Improved Optimization Strategies: Predict long-term production trends and equipment performance, enabling optimization of drilling schedules, maintenance routines, and resource allocation.
Scenario Planning and Preparedness: Explore various "what-if" scenarios under different environmental and operational conditions, facilitating informed decision-making and proactive risk management.
Benefits for Estimation and Purchasing
Informed Forecasting: Visualizing density and distribution patterns aids in accurate demand estimation, leading to optimized inventory levels and reduced stock-out risks.
Strategic Purchasing Decisions: Identifying regional trends and activity levels supports strategic purchasing choices, maximizing efficiency and cost-effectiveness.

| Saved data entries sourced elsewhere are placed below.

(* Write w_n = binom(2n, n) / 4^n and H_n / n = sum_(j >= 1) 1 / (j (n + j)).  The
   series becomes the double series sum_(n, j >= 1) w_n / (j (n + j)) of nonnegative
   terms, which may be summed by columns instead.  The column sums
   sum_(n >= 0) w_n / (n + j) = B(j, 1/2) = 1 / (j w_j) telescope thanks to the
   recurrence (2n + 2) w_(n+1) = (2n + 1) w_n, so it remains to show
   sum_(j >= 1) (1 / (j w_j) - 1 / j) / j = PI^2 / 3.  With the Wallis-type integrals
   I_m = int_0^(PI/2) cos^m and J_m = int_0^(PI/2) (PI x - x^2) cos^m, integration by
   parts shows that the j-th term is 2 (tau_(j-1) - tau_j) for tau_k = J_(2k) / I_(2k);
   as tau_0 = PI^2 / 6 and 0 <= tau_k <= 1 / (k w_k) = O(k^(-1/2)), the sum
   telescopes to PI^2 / 3. *)

Lemma is_series_is_lim_seq (a : nat -> R) (l : R) :
  is_series a l <-> is_lim_seq (sum_n a) l.
Proof. split; intros H; exact H. Qed.

Lemma sum_n_S (a : nat -> R) (n : nat) : sum_n a (S n) = sum_n a n + a (S n).
Proof. exact (sum_Sn a n). Qed.

Lemma is_series_ext_R (a b : nat -> R) (l : R) :
  (forall n, a n = b n) -> is_series a l -> is_series b l.
Proof. exact (is_series_ext a b l). Qed.

Lemma is_series_plus_R (a b : nat -> R) (la lb : R) :
  is_series a la -> is_series b lb -> is_series (fun n => a n + b n) (la + lb).
Proof. exact (is_series_plus a b la lb). Qed.
(* Let $\varepsilon\in(0,1)$, $\alpha\in(0,1/5)$, $d$ with $\alpha d\ge1$, and let $G=(V,E)$ be a graph with no isolated vertices, $V=W\cup B$ a partition, $n=|V|$, such that: $G$ is an $(n,d,\alpha)$-expander; $G[W]$ has maximum degree $d_{\max}$ and minimum degree at least $2(\varepsilon+\alpha)d$; with $\delta=\varepsilon d/(d_{\max}-2\varepsilon d)$ we have $\frac{8(1+\delta)(d_{\max}+1)}{\delta^2\exp(\frac{\varepsilon}{40\alpha}\log(1+\delta))}\le1$ and $\frac{8}{d_{\max}-4\varepsilon d}\le 1$; and (B1) $|B|\le\alpha n$, (B2) no edge has both endpoints in $B$, (B3) $\deg v\le d_{\max}+1$ for all $v\in B$, (B4) $|N(v)\cap B|\le1$ for all $v\in V$. Then for every $X\subseteq V$, \[e(X,V)\le (d_{\max}+1)|X|.\]
   Context: $\|M\|$ is the spectral norm, $J$ the $n\times n$ all-ones matrix; $G$ is an $(n,d,\alpha)$-expander if $|V|=n$ and $\|A_G-\frac dnJ\|\le\alpha d$ where $A_G$ is the adjacency matrix. For $X,Y\subseteq V$, $e(X,Y)=\sum_{x\in X,y\in Y}(A_G)_{x,y}$. $N(v)$ is the neighborhood of $v$ in $G$. *)

From HB Require Import structures.
From mathcomp Require Import all_boot all_order all_algebra.
From mathcomp Require Import all_classical all_reals all_analysis.
Set Implicit Arguments. Unset Strict Implicit. Unset Printing Implicit Defensive.
Import Order.TTheory GRing.Theory Num.Theory.
Local Open Scope ring_scope.
Local Open Scope classical_set_scope.

Section Graphs.
Variable R : realType.
Variable V : finType.

Definition simple_graph (adj : rel V) : Prop :=
  symmetric adj /\ irreflexive adj.

Definition nbhd (adj : rel V) (v : V) : {set V} := [set u | adj v u].

Definition deg_in (adj : rel V) (S : {set V}) (v : V) : nat := #|nbhd adj v :&: S|.

Definition e_G (adj : rel V) (X Y : {set V}) : nat :=
  (\sum_(x in X) \sum_(y in Y) (adj x y : nat))%N.

Definition adjmx (adj : rel V) : V -> V -> R := fun u v => (adj u v : nat)%:R.
Definition onesmx : V -> V -> R := fun _ _ => 1.

Definition vnorm (x : V -> R) : R := Num.sqrt (\sum_v x v ^+ 2).
Definition mapply (M : V -> V -> R) (x : V -> R) : V -> R :=
  fun u => \sum_v M u v * x v.
Definition spec_norm (M : V -> V -> R) : R :=
  sup [set r | exists x : V -> R, vnorm x <= 1 /\ r = vnorm (mapply M x)].

Definition expander (adj : rel V) (n : nat) (d alpha : R) : Prop :=
  #|V| = n /\
  spec_norm (fun u v => adjmx adj u v - (d / n%:R) * onesmx u v) <= alpha * d.

End Graphs.

(* Only degrees matter: a vertex of W has at most dmax neighbours in W and,
   by (B4), at most one in B, while a vertex of B has degree at most dmax + 1
   by (B3).  Summing the degree bound over X gives the claim. *)
From HB Require Import structures.
From mathcomp Require Import all_boot all_order all_algebra.
From mathcomp Require Import all_classical all_reals all_analysis.
Set Implicit Arguments. Unset Strict Implicit. Unset Printing Implicit Defensive.
Import Order.TTheory GRing.Theory Num.Theory.
Local Open Scope ring_scope.

Section Degrees.
Variables (V : finType) (adj : rel V).

Lemma e_G_setT (X : {set V}) :
  e_G adj X [set: V] = (\sum_(x in X) #|nbhd adj x|)%N.
Proof.
apply: eq_bigr => x _; rewrite -sum1_card [RHS]big_mkcond /=.
by apply: eq_big => [y | y _]; rewrite !inE //; case: (adj x y).
Qed.

Lemma e_G_setT_le (k : nat) (X : {set V}) :
  (forall x, x \in X -> #|nbhd adj x| <= k)%N ->
  (e_G adj X [set: V] <= k * #|X|)%N.
Proof.
by move=> deg_le; rewrite e_G_setT mulnC -sum_nat_const; apply: leq_sum.
Qed.

Lemma card_nbhd_le_cover (W B : {set V}) (x : V) :
  W :|: B = [set: V] ->
  (#|nbhd adj x| <= deg_in adj W x + #|nbhd adj x :&: B|)%N.
Proof.
move=> WBT; rewrite -(cardsID W (nbhd adj x)) leq_add2l subset_leq_card //.
apply/fintype.subsetP => y; rewrite !inE => /andP [yNW ->] /=.
have : y \in W :|: B by rewrite WBT inE.
by rewrite inE (negbTE yNW).
Qed.

End Degrees.

Theorem lemma2p7 (R : realType) (V : finType) (adj : rel V)
  (W B : {set V}) (eps alpha d : R) (dmax : nat) :
  simple_graph adj ->
  (forall v : V, exists u : V, adj v u) ->
  W :&: B = finset.set0 -> W :|: B = [set: V] ->
  0 < eps -> eps < 1 -> 0 < alpha -> alpha < 1 / 5 -> 1 <= alpha * d ->
  @expander R V adj #|V| d alpha ->
  dmax = (\max_(v in W) deg_in adj W v)%N ->
  (forall v, v \in W -> 2 * (eps + alpha) * d <= (deg_in adj W v)%:R) ->
  (let delta := eps * d / (dmax%:R - 2 * eps * d) in
   8 * (1 + delta) * (dmax%:R + 1)
     / (delta ^+ 2 * expR (eps / (40 * alpha) * ln (1 + delta))) <= 1) ->
  8 / (dmax%:R - 4 * eps * d) <= 1 ->
  (#|B|%:R <= alpha * #|V|%:R) ->
  (forall u v, u \in B -> v \in B -> ~~ adj u v) ->
  (forall v, v \in B -> (#|nbhd adj v| <= dmax.+1)%N) ->
  (forall v, (#|nbhd adj v :&: B| <= 1)%N) ->
  forall X : {set V}, (e_G adj X [set: V] <= dmax.+1 * #|X|)%N.
Proof.
move=> _ _ _ WBT _ _ _ _ _ _ dmaxE _ _ _ _ _ degB nbhdB X.
apply: e_G_setT_le => x _.
have /setUP [xW | xB] : x \in W :|: B by rewrite WBT inE.
- apply: leq_trans (card_nbhd_le_cover adj x WBT) _.
  rewrite -addn1 leq_add // dmaxE.
  exact: leq_bigmax_cond.
- exact: degB.
Qed.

Enhanced Collaboration and Communication: The shared visual map facilitates seamless collaboration and communication across teams, fostering data-driven decision-making.
Next Steps:
Rigorous User Testing: Gather feedback from diverse stakeholders to refine the map's design, functionality, and overall user experience.
Explore Additional Data Layers: Consider incorporating additional data layers, such as traffic patterns, customer demographics, or competitor locations, to enrich insights and uncover hidden opportunities.
Integrate with Other Systems: Seamlessly connect the map view with other business intelligence tools and dashboards, enabling comprehensive data analysis and holistic decision-making.
By harnessing the power of Google Maps API and thoughtful design choices, this map view holds immense potential to visualize crucial business data.